Gd-EOB-DTPA-enhanced SI and T1 relaxation time-based indices are feasible for assessing liver function. The indices post-enhancement are better than pre-enhancement, the indices after rectification are more reliable than before, the indices derived from T1 relaxation time are superior to SI-based indices.

Acknowledgements

No acknowledgement found.

References

[1] Haimerl M, Verloh N, Zeman F, et al. Gd-EOB-DTPA-enhanced MRI for evaluation of liver function: Comparison between signalintensity-based indices and T1 relaxometry[J]. Sci Rep, 2017, 7: 43347.

[2] Kamimura K, Fukukura Y, Yoneyama T, et al. Quantitative Evaluation of Liver Function With T1 Relaxation Time Index on Gd-EOB-DTPA-Enhanced MRI: Comparison With Signal Intensity-Based Indices[J]. J Magn Reson Imaging, 2014, 40(4): 884-889.

[3] Katsube T , Okada M, Kumano S, et al. Estimation of liver function using T1mapping on Gd-EOB-DTPA-enhanced magnetic resonance imaging[J]. Invest Radiol, 2011, 46(4): 277-283.

[4] Verloh N, Haimerl M, Zeman F, et al. Assessing liver function by liver enhancement during the hepatobiliary phase with Gd-EOB-DTPA-enhanced MRI at 3 Tesla[J]. Eur Radiol, 2014, 24(5): 1013-1019.

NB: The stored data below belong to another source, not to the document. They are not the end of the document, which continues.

Lemma Dnb_conj k h hi f fi :
  Hk k h hi -> Dnb k f fi -> Dnb k (fcomp h (fcomp f hi)) (fcomp h (fcomp fi hi)).
Proof.
  intros Hh Hf.
  pose proof Hh as (Ih & _ & Chi & h0 & _). pose proof Hf as (If & _ & _ & f_id).
  split; [apply (is_inverse_comp _ _ _ (fcomp h fi)), is_inverse_comp; auto using is_inverse_sym|].
  split; [exact (Ck_on_conj _ _ _ _ _ Hh Hf)|].
  split; [exact (Ck_on_conj _ _ _ _ _ Hh (Dnb_inv _ _ _ Hf))|].
  apply locally_0_Rabs in f_id. apply locally_0_Rabs.
  exact (fixed_near_conj _ _ _ Ih (Chi 0) (is_inverse_fix0 _ _ Ih h0) f_id).
Qed.

Theorem lemma5p7 (k : regularity) (hk : reg_ge1 k) :
  (* H^k(R,0) is a group under composition *)
  (Hk k idR idR /\
   (forall h hi g gi, Hk k h hi -> Hk k g gi -> Hk k (fcomp h g) (fcomp gi hi)) /\
   (forall h hi, Hk k h hi -> Hk k hi h)) /\
  (* D^k_nb(R,0) is a subgroup of H^k(R,0) *)
  (forall f fi, Dnb k f fi -> Hk k f fi) /\
  Dnb k idR idR /\
  (forall f fi g gi, Dnb k f fi -> Dnb k g gi -> Dnb k (fcomp f g) (fcomp gi fi)) /\
  (forall f fi, Dnb k f fi -> Dnb k fi f) /\
  (* normality: stable under conjugation by elements of H^k(R,0) *)
  (forall h hi f fi, Hk k h hi -> Dnb k f fi ->
     Dnb k (fcomp h (fcomp f hi)) (fcomp h (fcomp fi hi))).
Proof.
  split; [split; [|split]|]; [apply Hk_id | apply Hk_comp | apply Hk_inv |].
  split; [apply Dnb_Hk|]. split; [apply Dnb_id|].
  split; [apply Dnb_comp|]. split; [apply Dnb_inv | apply Dnb_conj].
Qed.
Definition strongly_semi_p_abelian (gT : finGroupType) (p : nat) (G : {set gT}) :=
  forall i, 0 < i -> semi_pi_abelian p i G.

Definition generated_by_at_most (gT : finGroupType) (d : nat) (G : {set gT}) :=
  exists X : {set gT}, #|X| <= d /\ <<X>> = G.

From mathcomp Require Import all_boot fingroup pgroup nilpotent abelian.
From mathcomp Require Import morphism quotient commutator sylow zify.

(* If G has exponent 3 it is 2-Engel, and modulo L_5 the
   commutator [a, b, c, d] is congruent both to [c, d, a, b] (permuting entries
   with the 2-Engel law) and to its inverse (Hall-Witt); as it has order 3, it
   lies in L_5; thus L_4 <= L_5, whence L_4 = 1.
   In general, strong semi-3-abelianity makes Omega = {x | x^3 = 1} a normal
   subgroup with (x h)^3 = h^3 for x in Omega, and G / Omega satisfies the
   hypotheses with r - 1, so L_m(G) <= Omega for m = (r - 2)(d + 1) + 4.
   Above level m the cube relation gives [y, h, h] = 1 modulo three more terms
   of the lower central series, hence a commutator [y, x_1, ..., x_k] with
   y in L_m and a repeated entry x_i = x_j lies one term deeper than its
   weight.  As G is generated by d elements, commutators with d + 1 generator
   entries repeat one, so L_(m+d+1) <= L_(m+d+2), which forces L_(m+d+1) = 1. *)

Set Implicit Arguments.
Unset Strict Implicit.
Unset Printing Implicit Defensive.

Local Open Scope group_scope.

Section LowerCentralMembership.
Variables (gT : finGroupType) (G : {group gT}).
Local Notation L n := 'L_n(G).

Lemma lcn_memG n x : x \in L n -> x \in G.
Proof. exact: (subsetP (lcn_sub n G)). Qed.

Lemma lcn_memJ n x g : x \in L n -> g \in G -> x ^ g \in L n.
Proof. by move=> Lx Gg; rewrite memJ_norm // (subsetP (lcn_norm n G)). Qed.

Lemma lcn_memR n x g : x \in L n -> g \in G -> [~ x, g] \in L n.+1.
Proof. by move=> Lx Gg; apply: (subsetP (lcnSnS n G)); apply: mem_commg. Qed.
(* Let $D$ be a strongly connected digraph with at least two vertices and let $T$ be a DFS tree of $D$ rooted at $r$. Let $x_1,\ldots,x_k$ be the out-neighbors of $r$ in $T$, and for each $i\in\{1,\ldots,k\}$ let $T_i$ be the subtree of $T$ consisting of $r$, the arc $(r,x_i)$ and all descendants of $x_i$ (so $T=\bigcup_i T_i$ and $V(T_i)\cap V(T_j)=\{r\}$ for $i\ne j$). For each $i$ let $G_{T_i}$ be the undirected graph with vertex set $V(T_i)$ in which $uv$ is an edge whenever $D$ has a backward arc between $u$ and $v$ (in either direction). Then $\chi_A(D)\le \max_{1\le i\le k}\chi(G_{T_i})$.
   Context: Digraphs are finite and loopless; paths and cycles are directed. $\chi$ is the usual chromatic number of an undirected graph; $\chi_A$ is the minimum number of colors in a vertex coloring of a digraph whose color classes all induce acyclic subdigraphs. A DFS tree $T$ of a strongly connected digraph $D$ rooted at $r$ is the spanning out-branching of $D$ produced by a depth-first search of $D$ started at $r$. A vertex $v$ is a descendant of $u$ if $T$ contains a directed $uv$-path. An arc $(u,v)$ of $D$ is a backward arc if $u$ is a descendant of $v$. *)

From mathcomp Require Import all_boot.
Set Implicit Arguments. Unset Strict Implicit. Unset Printing Implicit Defensive.

(* A digraph is a finType V with an arc relation e : rel V (loopless assumed
   separately).  A subdigraph/tree is also represented by an arc relation. *)

(* One run of depth-first search, literally: state = (visited vertices,
   stack with current vertex on top, tree arcs produced so far). *)
Inductive dfs_run (V : finType) (e : rel V) (r : V)
  : seq V -> seq V -> seq (V * V) -> Prop :=
| dfs_init : dfs_run e r [:: r] [:: r] [::]
| dfs_push vis u st A w :
    dfs_run e r vis (u :: st) A -> e u w -> w \notin vis ->
    dfs_run e r (w :: vis) (w :: u :: st) ((u, w) :: A)
| dfs_pop vis u st A :
    dfs_run e r vis (u :: st) A -> (forall w, e u w -> w \in vis) ->
    dfs_run e r vis st A.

[5] Haimerl M, Verloh N, Zeman F, et al. Assessment of clinical signs of liver cirrhosis using T1 mapping on Gd-EOB-DTPA-enhanced 3T MRI[J]. PLoS One, 2013, 8(12): e85658.

Figures

Table 1 SI and T1 relaxation time-based indices of different groups

Table 2 Diagnostic performance for SI and T1 relaxation time-based indices in assessing LCB-LCC by ROC analyses.

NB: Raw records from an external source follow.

(* Let $G=(G_1,v_1,e_1)\Delta(G_2,v_2,e_2)$ be a Hajós join of two hypergraphs $G_1$ and $G_2$, and let $k\ge2$ be an integer. Then: (a) if both $G_1$ and $G_2$ are $(k+1)$-critical, then $G$ is $(k+1)$-critical; (b) if $G$ is $(k+1)$-critical and $k\ge3$, then both $G_1$ and $G_2$ are $(k+1)$-critical.
   Context: A hypergraph is a pair $G=(V,E)$ of finite sets with $E\subseteq 2^V$ and $|e|\ge2$ for all $e\in E$. A coloring requires every edge to contain two vertices of different colors; $\chi$ is the chromatic number. $G$ is $(k+1)$-critical if $\chi(G)=k+1$ but $\chi(H)\le k$ for every proper subhypergraph $H$. Hajós join $(G_1,v_1,e_1)\Delta(G_2,v_2,e_2)$: for vertex-disjoint hypergraphs $G_1,G_2$, $e_i\in E(G_i)$, $v_i\in e_i$, delete $e_1,e_2$, identify $v_1,v_2$ into a new vertex $v^*$, and add a new edge $e^*$ equal either to $(e_1\cup e_2)\setminus\{v_1,v_2\}$ or to $((e_1\cup e_2)\setminus\{v_1,v_2\})\cup\{v^*\}$. *)

From mathcomp Require Import all_boot.
Local Open Scope nat_scope.
Set Implicit Arguments. Unset Strict Implicit. Unset Printing Implicit Defensive.

Definition hgraph (T : finType) := ({set T} * {set {set T}})%type.

Section Hyper.
Variable T : finType.

Definition is_hypergraph (G : hgraph T) : Prop :=
  (forall e, e \in G.2 -> e \subset G.1) /\ (forall e, e \in G.2 -> 2 <= #|e|).

Definition colorable (G : hgraph T) (k : nat) : Prop :=
  exists f : T -> nat,
    (forall x, x \in G.1 -> f x < k) /\
    (forall e, e \in G.2 -> exists x, exists y, [/\ x \in e, y \in e & f x != f y]).

Definition chi_eq (G : hgraph T) (n : nat) : Prop :=
  colorable G n /\ forall m, m < n -> ~ colorable G m.

Definition subhypergraph (H G : hgraph T) : Prop :=
  is_hypergraph H /\ H.1 \subset G.1 /\ H.2 \subset G.2.

(* G is (k+1)-critical: chi(G) = k+1 and chi(H) <= k for every proper
   subhypergraph H (chi(H) <= k  <=>  H is k-colorable). *)
Definition critical (G : hgraph T) (k : nat) : Prop :=
  chi_eq G k.+1 /\
  forall H, subhypergraph H G -> H <> G -> colorable H k.

(* Hajós join.  v1 and v2 are identified into the new vertex vs
   (vs must not be another vertex of G1 or G2; vs = v1 is allowed).
   b = false : e* = (e1 ∪ e2) \ {v1,v2};  b = true : e* additionally contains vs. *)
Definition hajos_rename (v1 v2 vs : T) (x : T) : T :=
  if (x == v1) || (x == v2) then vs else x.

Definition hajos_join (G1 G2 : hgraph T) (v1 v2 vs : T) (e1 e2 : {set T})
    (b : bool) : hgraph T :=
  let r := hajos_rename v1 v2 vs in
  let estar0 := (e1 :|: e2) :\: [set v1; v2] in
  let estar := if b then vs |: estar0 else estar0 in
  (vs |: ((G1.1 :\ v1) :|: (G2.1 :\ v2)),
   (fun e : {set T} => r @: e) @: (G1.2 :\ e1) :|: (fun e : {set T} => r @: e) @: (G2.2 :\ e2)
     :|: [set estar]).

Definition hajos_data (G1 G2 : hgraph T) (v1 v2 vs : T) (e1 e2 : {set T}) : Prop :=
  is_hypergraph G1 /\ is_hypergraph G2 /\ [disjoint G1.1 & G2.1] /\
  e1 \in G1.2 /\ e2 \in G2.2 /\ v1 \in e1 /\ v2 \in e2 /\
  vs \notin (G1.1 :\ v1) :|: (G2.1 :\ v2).

End Hyper.

From mathcomp Require Import all_boot zify.
Set Implicit Arguments. Unset Strict Implicit. Unset Printing Implicit Defensive.

(* A hypergraph G is (k+1)-critical iff it is not k-colorable, every G - e is k-colorable,
   and it has no isolated vertex.  Let r be the renaming v1, v2 |-> vs of the join J.
   (a) A k-coloring c of J pulls back along r to k-colorings of G1 - e1 and G2 - e2; as
   neither G_i is k-colorable, e1 and e2 are monochromatic under c o r, with the color of
   vs, hence so is e*.  Conversely, colorings of G1 - f and of G2 - e2, permuted so as to
   agree on v1 and v2, glue into a coloring of J - r(f): the edge e* gets two colors
   because e2 is monochromatic in G2 - e2 while e1 is not.
   (b) If G1 were k-colorable, permute its colors so that v1 gets the color of vs in a
   coloring of J - e* and some x in e1 - v1 avoids the color of a vertex of e2 - v2 (this
   needs a third color); gluing with the pullback on G2 then colors J.  The criticality
   of G1 is obtained by pulling back colorings of J - r(f) or J - e*; there e1 keeps two
   colors because G2, by the previous argument, is not k-colorable either. *)

Definition cswap (a b i : nat) := if i == a then b else if i == b then a else i.

Lemma cswapK a b : involutive (cswap a b).
Proof.
move=> i; rewrite /cswap.
have [-> | ia] := eqVneq i a; first by rewrite eqxx; case: eqVneq.
have [-> | ib] := eqVneq i b; first by rewrite eqxx.
by rewrite (negbTE ia) (negbTE ib).
Qed.

Lemma cswap_inj a b : injective (cswap a b).
Proof. exact: inv_inj (cswapK a b). Qed.

Lemma cswapL a b : cswap a b a = b.
Proof. by rewrite /cswap eqxx. Qed.

Lemma cswap_id a b i : i != a -> i != b -> cswap a b i = i.
Proof. by move=> ia ib; rewrite /cswap (negbTE ia) (negbTE ib). Qed.

Lemma cswap_ltn a b k i : a < k -> b < k -> i < k -> cswap a b i < k.
Proof. by rewrite /cswap => ak bk ik; case: ifP => _ //; case: ifP. Qed.

Lemma exists_third_color k a b : 2 < k -> exists2 g, g < k & (g != a) && (g != b).
Proof.
move=> k_gt2; have [|ab0] := boolP ((0 != a) && (0 != b)); first by exists 0; lia.
have [|ab1] := boolP ((1 != a) && (1 != b)); first by exists 1; lia.
by exists 2; lia.
Qed.

Lemma exists_recoloring k p q a w :
  2 < k -> p < k -> q < k -> a < k -> p != q ->
  exists h : nat -> nat, [/\ injective h, forall i, i < k -> h i < k, h p = a & h q != w].
Proof.
move=> k_gt2 pk qk ak pq; set s := cswap p a.
have sqa : s q != a by rewrite -(cswapL p a) (inj_eq (@cswap_inj _ _)) eq_sym.
have [g gk /andP [ga gw]] := exists_third_color a w k_gt2.
exists (cswap (s q) g \o s); split=> /=.
- exact: inj_comp (@cswap_inj _ _) (@cswap_inj _ _).
- by move=> i ik; rewrite !cswap_ltn.
- by rewrite /s cswapL cswap_id // eq_sym.
- by rewrite cswapL.
Qed.

Section Colorings.
Variable T : finType.
Implicit Types (G H : hgraph T) (c : T -> nat) (e : {set T}) (k : nat).

Definition bichromatic c e := [exists x in e, exists y in e, c x != c y].

Lemma bichromaticP c e :
  reflect (exists x y, [/\ x \in e, y \in e & c x != c y]) (bichromatic c e).
Proof.
apply: (iffP exists_inP) => [[x xe /exists_inP [y ye cxy]]|[x [y [xe ye cxy]]]].
  by exists x, y.
by exists x => //; apply/exists_inP; exists y.
Qed.

Lemma eq_in_bichromatic c c' e : {in e, c =1 c'} -> bichromatic c e = bichromatic c' e.
Proof.
move=> eq_c; apply: eq_existsb => x; case xe: (x \in e) => //=.
by apply: eq_existsb => y; case ye: (y \in e); rewrite //= !eq_c.
Qed.

Lemma bichromatic_imset c (h : T -> T) e : bichromatic c (h @: e) = bichromatic (c \o h) e.
Proof.
apply/bichromaticP/bichromaticP => [[_ [_ [/imsetP [x xe ->] /imsetP [y ye ->] cxy]]]|].
  by exists x, y.
by move=> [x [y [xe ye cxy]]]; exists (h x), (h y); rewrite !imset_f.
Qed.

Lemma bichromatic_comp (h : nat -> nat) c e :
  injective h -> bichromatic (h \o c) e = bichromatic c e.
Proof.
move=> inj_h; apply: eq_existsb => x; congr (_ && _).
by apply: eq_existsb => y; rewrite /= (inj_eq inj_h).
Qed.

Lemma not_bichromatic_eq c e : ~~ bichromatic c e -> {in e &, forall x y, c x = c y}.
Proof.
move=> mono x y xe ye; apply/eqP; apply: contraNT mono => cxy.
by apply/bichromaticP; exists x, y.
Qed.

Lemma bichromatic_neq c e v : bichromatic c e -> exists2 x, x \in e & c x != c v.
Proof.
case/bichromaticP => x [y [xe ye cxy]].
have [cxv|] := eqVneq (c x) (c v); last by exists x.
by exists y; rewrite // -cxv eq_sym.
Qed.

Lemma edge_other_vertex G e v :
  is_hypergraph G -> e \in G.2 -> exists2 x, x \in e & x != v.
Proof.
move=> [_ big] eG; have /card_gt0P [x] : 0 < #|e :\ v|.
  by move: (big e eG); rewrite (cardsD1 v); case: (v \in e) => /=; lia.
by rewrite !inE => /andP [xv xe]; exists x.
Qed.

Definition coloring G k c :=
  {in G.1, forall x, c x < k} /\ {in G.2, forall e, bichromatic c e}.

Lemma colorableP G k : colorable G k <-> exists c, coloring G k c.
Proof.
by split=> [[c [cb ce]]|[c [cb ce]]]; exists c; split=> // e /ce /bichromaticP.
Qed.

Lemma coloring_recolor G k c (h : nat -> nat) :
  injective h -> (forall i, i < k -> h i < k) -> coloring G k c -> coloring G k (h \o c).
Proof.
by move=> inj_h hk [cb ce]; split=> [x /cb /hk //|e /ce]; rewrite bichromatic_comp.
Qed.

Lemma coloring_at H k c v a :
  coloring H k c -> v \in H.1 -> a < k -> coloring H k (cswap (c v) a \o c).
Proof.
move=> col vH ak; apply: (coloring_recolor _ _ col); first exact: cswap_inj.
by move=> i ik; rewrite cswap_ltn // col.1.
Qed.

Lemma colorable_sub G H k k' :
  colorable G k -> H.1 \subset G.1 -> H.2 \subset G.2 -> k <= k' -> colorable H k'.
Proof.
move=> [c [cb ce]] /subsetP sV /subsetP sE le_k; exists c; split=> [x /sV /cb|e /sE /ce //].
by move/leq_trans; apply.
Qed.

Definition del_edge G e : hgraph T := (G.1, G.2 :\ e).

Lemma deleted_edge_monochromatic G e k c :
  ~ colorable G k -> coloring (del_edge G e) k c -> ~~ bichromatic c e.
Proof.
move=> ncol [cb ce]; apply/negP => ce'; apply: ncol; apply/colorableP; exists c.
by split=> // f fG; have [->//|fe] := eqVneq f e; apply: ce; rewrite !inE fe.
Qed.

Lemma colorable_del_edge G e k :
  is_hypergraph G -> e \in G.2 -> colorable (del_edge G e) k -> colorable G k.+1.
Proof.
move=> [subV big] eG /colorableP [c [cb ce]].
have /card_gt0P [u ue] : 0 < #|e| by apply: leq_trans (big e eG).
apply/colorableP; exists (fun x => if x == u then k else c x); split=> [x xV|f fG].
  by case: eqP => // _; apply: ltnW (cb x xV).
have [uf|uNf] := boolP (u \in f).
  have [w wf wu] := edge_other_vertex u (conj subV big) fG.
  apply/bichromaticP; exists u, w; rewrite eqxx (negbTE wu) neq_ltn cb ?orbT //.
  exact: subsetP (subV f fG) w wf.
have fe : f != e by apply: contraNneq uNf => ->.
rewrite -(eq_in_bichromatic (c := c)) ?ce ?inE ?fe //.
by move=> x xf; case: eqP => // xu; rewrite -xu xf in uNf.
Qed.

Definition edge_critical G k := forall e, e \in G.2 -> colorable (del_edge G e) k.

Definition no_isolated G := forall x, x \in G.1 -> exists2 e, e \in G.2 & x \in e.

Lemma subhypergraph_del_edge G e : is_hypergraph G -> subhypergraph (del_edge G e) G.
Proof.
move=> [subV big]; split; last by split; [apply: subxx | apply: subsetDl].
by split=> f /setD1P [_ fG]; [apply: subV | apply: big].
Qed.

Lemma subhypergraph_del_vertex G x :
  is_hypergraph G -> (forall e, e \in G.2 -> x \notin e) ->
  subhypergraph (G.1 :\ x, G.2) G.
Proof.
move=> [subV big] xN; split; last by split; [apply: subsetDl | apply: subxx].
split=> // e eG; apply/subsetP => y ye; rewrite !inE (subsetP (subV e eG)) // andbT.
by apply: contraNneq (xN e eG) => <-.
Qed.

Lemma colorable_add_vertex G x k :
  0 < k -> (forall e, e \in G.2 -> x \notin e) -> colorable (G.1 :\ x, G.2) k ->
  colorable G k.
Proof.
move=> k_gt0 xN /colorableP [c [cb ce]].
apply/colorableP; exists (fun y => if y == x then 0 else c y); split=> [y yV|e eG].
  by case: eqP => // /eqP yx; apply: cb; rewrite !inE yx.
rewrite -(eq_in_bichromatic (c := c)) ?ce // => y ye.
by case: eqP => // yx; move: (xN e eG); rewrite -yx ye.
Qed.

FIGURE 1. A 57-year-old woman classified in to HBV-induced liver cirrhosis with Child-Pugh A. SI values of the liver before Gd-EOB-DTPA administration (A) and in HBP (B) were 313.3 and 674.6, respectively, SI values of the paravertebral muscle were 195.1 and 201.5, respectively, RE was 1.2, rLMR was 1, the corresponding T1 relaxation times were 892 and 324 msec, respectively, rrT1 was 63.7%, ΔR1 was 2.0*10-3.

FIGURE 2. ROC curves of SI-based indices for prediction of LCB-LCC.

FIGURE 3. ROC curves of T1 relaxation time-based indices for prediction of LCB-LCC.